Date of Award

Fall 2015

Document Type


Degree Name

Doctor of Philosophy (PhD)


Political Science & Geography


Graduate Program in International Studies

Committee Director

Kurt T. Gaubatz

Committee Member

Jesse Richman

Committee Member

Peter Schulman


This dissertation aims to propose a general theory of disintegration. This subject is not treated directly by some theoretical accounts and mistreated by others. European integration theories are fashioned to explain the greater integration process while game-theoretic approaches to withdrawals and secessions, even if treating disintegration directly, fail to include critically responsible factors. This dissertation offers a constructive criticism of both accounts. Since neither turning integration theories symmetrically around nor direct, game-theoretic assessment of disintegration help to provide sufficient explanation, it is suggested that the problem of symmetrical reversal and rational conduct must be revised.
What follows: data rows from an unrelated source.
(* Let $\mathcal T$ be a self-orthogonal subcategory of $\mathcal C$. Then ${}_{\mathcal T}\mathcal X$ is closed under extensions, under direct summands, and under cones of inflations; the last means: for every $\mathbb E$-triangle $A\to B\to C\dashrightarrow$ with $A,B\in{}_{\mathcal T}\mathcal X$ one has $C\in{}_{\mathcal T}\mathcal X$.
   Context: $(\mathcal C,\mathbb E,\mathfrak s)$ is an extriangulated category in the sense of Nakaoka–Palu, Krull–Schmidt, with enough projectives and enough injectives; subcategories are full, additive, closed under isomorphisms. Higher extensions: $\mathbb E^1=\mathbb E$, $\mathbb E^{i+1}(X,Y)=\mathbb E(\Omega^iX,Y)\cong\mathbb E(X,\Sigma^iY)$. $\mathcal T$ is self-orthogonal if $\mathbb E^i(T_1,T_2)=0$ for all $i\ge1$, $T_1,T_2\in\mathcal T$. $\mathcal T^{\perp}=\{Y:\mathbb E^i(T,Y)=0\ \forall i\ge1,\forall T\in\mathcal T\}$. ${}_{\mathcal T}\mathcal X$ is the subcategory of objects $A$ for which there exist $\mathbb E$-triangles $K_{i+1}\to T_i\to K_i\dashrightarrow$ for all $i\ge0$ with $K_0=A$, $T_i\in\mathcal T$ and $K_{i+1}\in\mathcal T^{\perp}$ for all $i$. Closed under extensions: for every $\mathbb E$-triangle $A\to B\to C\dashrightarrow$ with $A,C$ in the subcategory, $B$ is in it. *)

From mathcomp Require Import all_boot all_algebra.
Import GRing.Theory.
Local Open Scope ring_scope.

Record PreAddCat := {
  obj :> Type;
  hom : obj -> obj -> zmodType;
  comp : forall A B C : obj, hom B C -> hom A B -> hom A C;
  idm : forall A : obj, hom A A;
  compA : forall (A B C D : obj) (f : hom C D) (g : hom B C) (h : hom A B),
      comp A C D f (comp A B C g h) = comp A B D (comp B C D f g) h;
  comp1m : forall (A B : obj) (f : hom A B), comp A B B (idm B) f = f;
  compm1 : forall (A B : obj) (f : hom A B), comp A A B f (idm A) = f;
  compDl : forall (A B C : obj) (f g : hom B C) (h : hom A B),
      comp A B C (f + g) h = comp A B C f h + comp A B C g h;
  compDr : forall (A B C : obj) (f : hom B C) (g h : hom A B),
      comp A B C f (g + h) = comp A B C f g + comp A B C f h
}.
Arguments hom {p} _ _.
Arguments comp {p A B C} _ _.
Arguments idm {p} A.

Section Additive.
Variable C : PreAddCat.

Definition iso (X Y : C) : Prop :=
  exists (f : hom X Y) (g : hom Y X), comp g f = idm X /\ comp f g = idm Y.

Definition biprod_ax {X Y S : C} (i1 : hom X S) (i2 : hom Y S)
    (p1 : hom S X) (p2 : hom S Y) : Prop :=
  [/\ comp p1 i1 = idm X, comp p2 i2 = idm Y, comp p1 i2 = 0,
      comp p2 i1 = 0 & comp i1 p1 + comp i2 p2 = idm S].

Record biprod (X Y : C) := {
  bp_obj : C;
  bp_in1 : hom X bp_obj;
  bp_in2 : hom Y bp_obj;
  bp_pr1 : hom bp_obj X;
  bp_pr2 : hom bp_obj Y;
  bp_ax : biprod_ax bp_in1 bp_in2 bp_pr1 bp_pr2
}.

Definition isAdditive : Prop :=
  (exists Z : C, idm Z = 0) /\
  (forall X Y : C, exists S (i1 : hom X S) (i2 : hom Y S) p1 p2,
      biprod_ax i1 i2 p1 p2).

Definition hom_unit {X : C} (f : hom X X) : Prop :=
  exists g : hom X X, comp g f = idm X /\ comp f g = idm X.
Definition local_obj (X : C) : Prop :=
  idm X <> 0 /\ forall f : hom X X, hom_unit f \/ hom_unit (idm X - f).

Definition KrullSchmidt : Prop :=
  forall X : C, exists (n : nat) (Xs : 'I_n -> C)
    (i : forall k, hom (Xs k) X) (p : forall k, hom X (Xs k)),
    [/\ forall k, comp (p k) (i k) = idm (Xs k),
        forall k l, k != l -> comp (p k) (i l) = 0,
        \sum_(k < n) comp (i k) (p k) = idm X
      & forall k, local_obj (Xs k)].
End Additive.

Arguments iso {C} X Y.
Arguments biprod {C} X Y.
Arguments bp_obj {C X Y} b.
Arguments bp_in1 {C X Y} b.
Arguments bp_in2 {C X Y} b.
Arguments bp_pr1 {C X Y} b.
Arguments bp_pr2 {C X Y} b.

(* Ext Z A = E(Z, A);  push a = a_* ;  pull c = c^* ;
   real d x y  means  s(d) = [A -x-> B -y-> Z]  (x,y realize d). *)
Record ExtriData (C : PreAddCat) := {
  Ext : C -> C -> zmodType;
  push : forall (Z A A' : C), hom A A' -> Ext Z A -> Ext Z A';
  pull : forall (Z Z' A : C), hom Z' Z -> Ext Z A -> Ext Z' A;
  real : forall (Z A B : C), Ext Z A -> hom A B -> hom B Z -> Prop
}.
Arguments Ext {C} e _ _.
Arguments push {C} e {Z A A'} a d.
Arguments pull {C} e {Z Z' A} c d.
Arguments real {C} e {Z A B} d x y.

Section Extri.
Variables (C : PreAddCat) (e : ExtriData C).

Definition seq_equiv {A B B' Z : C} (x : hom A B) (y : hom B Z)
    (x' : hom A B') (y' : hom B' Z) : Prop :=
  exists (b : hom B B') (b' : hom B' B),
    [/\ comp b' b = idm B, comp b b' = idm B', comp b x = x' & comp y' b = y].

Definition ET1 : Prop :=
  (forall (Z A A' : C) (a : hom A A') (d1 d2 : Ext e Z A),
        push e a (d1 - d2) = push e a d1 - push e a d2) /\
      (forall (Z Z' A : C) (c : hom Z' Z) (d1 d2 : Ext e Z A),
        pull e c (d1 - d2) = pull e c d1 - pull e c d2) /\
      (forall (Z A A' : C) (a a' : hom A A') (d : Ext e Z A),
        push e (a + a') d = push e a d + push e a' d) /\
      (forall (Z Z' A : C) (c c' : hom Z' Z) (d : Ext e Z A),
        pull e (c + c') d = pull e c d + pull e c' d) /\
      (forall (Z A : C) (d : Ext e Z A), push e (idm A) d = d) /\
      (forall (Z A : C) (d : Ext e Z A), pull e (idm Z) d = d) /\
      (forall (Z A A' A'' : C) (a : hom A A') (a' : hom A' A'') (d : Ext e Z A),
        push e (comp a' a) d = push e a' (push e a d)) /\
      (forall (Z Z' Z'' A : C) (c : hom Z' Z) (c' : hom Z'' Z') (d : Ext e Z A),
        pull e (comp c c') d = pull e c' (pull e c d))
    /\ (forall (Z Z' A A' : C) (a : hom A A') (c : hom Z' Z) (d : Ext e Z A),
        push e a (pull e c d) = pull e c (push e a d)).

(* s is a realization (Def 2.9) whose values are equivalence classes *)
Definition is_realization : Prop :=
  [/\ (forall (Z A : C) (d : Ext e Z A), exists B (x : hom A B) (y : hom B Z),
          real e d x y),
      (forall (Z A B B' : C) (d : Ext e Z A) (x : hom A B) (y : hom B Z)
          (x' : hom A B') (y' : hom B' Z),
          real e d x y -> (real e d x' y' <-> seq_equiv x y x' y'))
    & (forall (A Z A' Z' B B' : C) (d : Ext e Z A) (d' : Ext e Z' A')
          (a : hom A A') (c : hom Z Z') (x : hom A B) (y : hom B Z)
          (x' : hom A' B') (y' : hom B' Z'),
          push e a d = pull e c d' -> real e d x y -> real e d' x' y' ->
          exists b : hom B B', comp b x = comp x' a /\ comp y' b = comp c y)].

Definition ET2 : Prop :=
  [/\ is_realization,
      (forall (A Z : C) (S : biprod A Z),
          real e (0 : Ext e Z A) (bp_in1 S) (bp_pr2 S))
    & (forall (A A' B B' Z Z' : C) (bA : biprod A A') (bB : biprod B B')
          (bZ : biprod Z Z') (d : Ext e Z A) (d' : Ext e Z' A')
          (x : hom A B) (y : hom B Z) (x' : hom A' B') (y' : hom B' Z'),
          real e d x y -> real e d' x' y' ->
          real e (push e (bp_in1 bA) (pull e (bp_pr1 bZ) d)
                  + push e (bp_in2 bA) (pull e (bp_pr2 bZ) d'))
            (comp (bp_in1 bB) (comp x (bp_pr1 bA))
               + comp (bp_in2 bB) (comp x' (bp_pr2 bA)))
            (comp (bp_in1 bZ) (comp y (bp_pr1 bB))
               + comp (bp_in2 bZ) (comp y' (bp_pr2 bB))))].

Definition ET3 : Prop :=
  forall (A B Z A' B' Z' : C) (d : Ext e Z A) (d' : Ext e Z' A')
    (x : hom A B) (y : hom B Z) (x' : hom A' B') (y' : hom B' Z')
    (a : hom A A') (b : hom B B'),
    real e d x y -> real e d' x' y' -> comp b x = comp x' a ->
    exists c : hom Z Z', comp c y = comp y' b /\ push e a d = pull e c d'.

Definition ET3op : Prop :=
  forall (A B Z A' B' Z' : C) (d : Ext e Z A) (d' : Ext e Z' A')
    (x : hom A B) (y : hom B Z) (x' : hom A' B') (y' : hom B' Z')
    (b : hom B B') (c : hom Z Z'),
    real e d x y -> real e d' x' y' -> comp y' b = comp c y ->
    exists a : hom A A', comp x' a = comp b x /\ push e a d = pull e c d'.

Definition ET4 : Prop :=
  forall (A B D Cc F : C) (d : Ext e D A) (d' : Ext e F B)
    (f : hom A B) (f' : hom B D) (g : hom B Cc) (g' : hom Cc F),
    real e d f f' -> real e d' g g' ->
    exists (E : C) (h : hom A Cc) (h' : hom Cc E) (d'' : Ext e E A)
      (dd : hom D E) (ee : hom E F),
      [/\ real e d'' h h',
          real e (push e f' d') dd ee,
          pull e dd d'' = d,
          push e f d'' = pull e ee d' &
          [/\ comp g f = h, comp dd f' = comp h' g & comp ee h' = g']].

Definition ET4op : Prop :=
  forall (D A B F Cc : C) (d : Ext e B D) (d' : Ext e Cc F)
    (f : hom D A) (f' : hom A B) (g : hom F B) (g' : hom B Cc),
    real e d f f' -> real e d' g g' ->
    exists (E : C) (h : hom E A) (h' : hom A Cc) (d'' : Ext e Cc E)
      (dd : hom D E) (ee : hom E F),
      [/\ real e d'' h h',
          real e (pull e g d) dd ee,
          d' = push e ee d'',
          push e dd d = pull e g' d'' &
          [/\ comp h dd = f, comp f' h = comp g ee & h' = comp g' f']].

Definition isExtriangulated : Prop :=
  isAdditive C /\ ET1 /\ ET2 /\ ET3 /\ ET3op /\ ET4 /\ ET4op.

Definition Etriangle (A B Z : C) : Prop :=
  exists (x : hom A B) (y : hom B Z) (d : Ext e Z A), real e d x y.

Definition projective (P : C) : Prop :=
  forall (A B Z : C) (x : hom A B) (y : hom B Z) (d : Ext e Z A) (c : hom P Z),
    real e d x y -> exists b : hom P B, comp y b = c.
Definition injective (I : C) : Prop :=
  forall (A B Z : C) (x : hom A B) (y : hom B Z) (d : Ext e Z A) (a : hom A I),
    real e d x y -> exists b : hom B I, comp b x = a.
Definition enough_projectives : Prop :=
  forall Z : C, exists (A P : C) (x : hom A P) (y : hom P Z) (d : Ext e Z A),
    projective P /\ real e d x y.
Definition enough_injectives : Prop :=
  forall A : C, exists (I Z : C) (x : hom A I) (y : hom I Z) (d : Ext e Z A),
    injective I /\ real e d x y.

(* Higher extensions.  ExtVanish n X Y  means  E^{n+1}(X, Y) = 0, where
   E^{n+1}(X,Y) = E(Omega^n X, Y) and Omega X is the first term of an
   E-triangle  Omega X -> P -> X --> with P projective. *)
Fixpoint ExtVanish (n : nat) (X Y : C) : Prop :=
  match n with
  | 0 => forall d : Ext e X Y, d = 0
  | n'.+1 => forall (K P : C) (x : hom K P) (y : hom P X) (d : Ext e X K),
      projective P -> real e d x y -> ExtVanish n' K Y
  end.

Definition subcategory (T : C -> Prop) : Prop :=
  [/\ (forall X Y : C, T X -> iso X Y -> T Y),
      (exists Z : C, idm Z = 0 /\ T Z)
    & (forall (X Y : C) (S : biprod X Y), T X -> T Y -> T (bp_obj S))].

Definition self_orthogonal (T : C -> Prop) : Prop :=
  forall (n : nat) (T1 T2 : C), T T1 -> T T2 -> ExtVanish n T1 T2.

Definition perp (T : C -> Prop) (Y : C) : Prop :=
  forall (n : nat) (T1 : C), T T1 -> ExtVanish n T1 Y.

Definition TX (T : C -> Prop) (A : C) : Prop :=
  exists (K Tn : nat -> C), K 0%N = A /\
    forall i : nat, [/\ T (Tn i), perp T (K i.+1) &
      exists (x : hom (K i.+1) (Tn i)) (y : hom (Tn i) (K i))
             (d : Ext e (K i) (K i.+1)), real e d x y].

Definition closed_under_extensions (S : C -> Prop) : Prop :=
  forall (A B Z : C) (x : hom A B) (y : hom B Z) (d : Ext e Z A),
    real e d x y -> S A -> S Z -> S B.

Definition closed_under_cones_of_inflations (S : C -> Prop) : Prop :=
  forall (A B Z : C) (x : hom A B) (y : hom B Z) (d : Ext e Z A),
    real e d x y -> S A -> S B -> S Z.
End Extri.

Definition closed_under_summands (C : PreAddCat) (S : C -> Prop) : Prop :=
  forall (X Y : C) (b : biprod X Y), S (bp_obj b) -> S X.
Arguments closed_under_summands {C} S.

Arguments isExtriangulated {C} e.
Arguments enough_projectives {C} e.
Arguments enough_injectives {C} e.
Arguments projective {C} e P.
Arguments injective {C} e I.
Arguments ExtVanish {C} e n X Y.
Arguments self_orthogonal {C} e T.
Arguments perp {C} e T Y.
Arguments TX {C} e T A.
Arguments subcategory {C} T.
Arguments closed_under_extensions {C} e S.
Arguments closed_under_cones_of_inflations {C} e S.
Disintegration fails to follow the rules suggested by symmetrical reversal of integration. Therefore, it requires independent theoretical account which would pay attention to new, unique factors. Many withdrawal and secession games include these factors but at the price of paralysis of conduct. This dissertation’s argument is that these new factors should be identified and described narratively in order to understand why this conduct becomes troublesome. It is suggested that the problem is located in uncertainty about payoffs’ value and nature. Since actors of disintegration game bargain over different issues rather than upon integration and since these issues often assume non-quantifiable values, disintegration becomes qualitatively different from integration, integration theories prove to be unfit, and game-theoretic accounts need more cautious application. Case studies introduced in three structures of analysis – states, intergovernmental organizations and the European Union – aim to test and confirm subsequent elements of the proposed theory. The constructive criticism of both integration theories and withdrawal/secession games aim to make the general theory of disintegration applicable to many different forms of political structure.

As a conclusion, this dissertation points out strengths of this new account on disintegration and encourages researchers to further extend its framework. The theory can help policymakers to understand negotiations better and to learn how to accommodate the risk. Academic researchers should be able to provide reliable analyses so that public opinion is not be shaped by the fear of the unknown and misinterpreted.